#### Source data

Lemma exists_tallest_col S : S <> [] ->
  exists a yB yT, col_size S a = height S /\ In (a, yB) S /\ In (a, yT) S /\
    forall y, In (a, y) S -> yB <= y <= yT.
Proof.
  intros Hne. destruct (exists_argmin (fun p => - Z.of_nat (col_size S (fst p))) S Hne)
    as ([a y] & Hay & Hmax).
  assert (Hcol : col S a <> []) by (intros E; apply in_col in Hay; now rewrite E in Hay).
  destruct (exists_argmin Z.opp _ Hcol) as (yT & HyT & HTmax).
  destruct (exists_argmin id _ Hcol) as (yB & HyB & HBmin).
  exists a, yB, yT. split; [|split; [now apply in_col|split; [now apply in_col|]]].
  - apply Nat.le_antisymm; [apply col_size_le_height|].
    apply list_max_le, Forall_forall. intros k Hk. apply in_map_iff in Hk as (t & <- & Ht).
    specialize (Hmax t Ht). simpl in Hmax. lia.
  - intros y' Hy'. apply in_col in Hy'. specialize (HTmax y' Hy'). specialize (HBmin y' Hy').
    unfold id in HBmin. lia.
Qed.

Lemma row_gap_near S a b : exists e, ~ In (a + e, b) S /\ 2 * Z.abs e <= Z.of_nat (width S) + 1.
Proof.
  destruct (exists_gap_near (row S b) a) as (e & Hout & He).
  exists e. split; [now rewrite <- in_row|].
  rewrite length_row in He. pose proof (row_size_le_width S b). lia.
Qed.

Section OptimalTown.
Variables (n : nat) (S : list point).
Hypothesis optimal_S : optimal n S.

(* Moving [p] to [q] changes the cost by [pot S q - l1 q p - pot S p]. *)
Lemma pot_lt_of_in_notin p q : In p S -> ~ In q S -> pot S p < pot S q.
Proof.
  intros Hp Hq. destruct optimal_S as [[Hnd Hlen] Hmin].
  destruct (in_split p S Hp) as (L1 & L2 & HS).
  set (L := L1 ++ L2).
  assert (HP : Permutation S (p :: L)) by (rewrite HS; symmetry; apply Permutation_middle).
  assert (HT : is_town n (q :: L)).
  { split.
    - constructor.
      + intro HqL. apply Hq, (Permutation_in _ (Permutation_sym HP)). now right.
      + apply (Permutation_NoDup HP) in Hnd. now inversion Hnd.
    - rewrite <- Hlen, (Permutation_length HP). reflexivity. }
  specialize (Hmin _ HT). unfold cost in Hmin.
  rewrite (double_sum_perm _ _ HP), !double_sum_cons, !(Z.mul_comm 2), !Z_div_plus_full in Hmin
    by discriminate.
  rewrite !(pot_perm S (p :: L) _ HP).
  change (pot (p :: L) p) with (l1 p p + pot L p). change (pot (p :: L) q) with (l1 q p + pot L q).
  assert (Hqp : q <> p) by (intros ->; contradiction).
  pose proof (l1_pos q p Hqp). unfold l1 at 1. lia.
Qed.

Lemma mem_of_pot_le p q : In p S -> pot S q <= pot S p -> In q S.
Proof.
  intros Hp Hle. destruct (in_dec point_eq_dec q S) as [Hq|Hq]; [exact Hq|].
  pose proof (pot_lt_of_in_notin p q Hp Hq). lia.
Qed.

Lemma mem_of_FX_le x x' y : In (x, y) S -> FX S x' <= FX S x -> In (x', y) S.
Proof. intros Hxy Hle. apply (mem_of_pot_le _ _ Hxy). rewrite !pot_split. lia. Qed.

Lemma mem_of_GY_le x y y' : In (x, y) S -> GY S y' <= GY S y -> In (x, y') S.
Proof. intros Hxy Hle. apply (mem_of_pot_le _ _ Hxy). rewrite !pot_split. lia. Qed.

Section TallestColumn.
Variables (a yT b : Z).
Hypothesis tallest_a : col_size S a = height S.
Hypothesis top_in : In (a, yT) S.
Hypothesis top_max : forall y, In (a, y) S -> y <= yT.
Hypothesis b_le_top : b <= yT.
Hypothesis b_min : forall y, b <= y <= yT -> GY S b <= GY S y.

(* A point above [yT] would put column [a] strictly inside a taller column. *)
Lemma below_top x y : In (x, y) S -> y <= yT.
Proof.
  intros Hxy. destruct (Z.le_gt_cases y yT) as [|Hy]; [assumption|exfalso].
  assert (Hay : ~ In (a, y) S) by (intros H; specialize (top_max y H); lia).
  assert (HF : FX S x < FX S a).
  { pose proof (pot_lt_of_in_notin _ _ Hxy Hay) as H. rewrite !pot_split in H. lia. }
  assert (Hincl : incl (y :: col S a) (col S x)).
  { intros y' [<-|Hy']; apply in_col; [exact Hxy|].
    apply in_col in Hy'. apply (mem_of_FX_le a); [exact Hy'|lia]. }
  assert (Hnd : NoDup (y :: col S a)).
  { constructor; [|apply NoDup_col, optimal_S].
    intros H. apply in_col, top_max in H. lia. }
  apply (NoDup_incl_length Hnd) in Hincl. simpl in Hincl. rewrite !length_col in Hincl.
  pose proof (col_size_le_height S x). lia.
Qed.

########

== Problem ==
For each line above that contains "unfold", make a copy.

== Response below ==
    unfold id in HBmin. lia.
  specialize (Hmin _ HT). unfold cost in Hmin.
  pose proof (l1_pos q p Hqp). unfold l1 at 1. lia.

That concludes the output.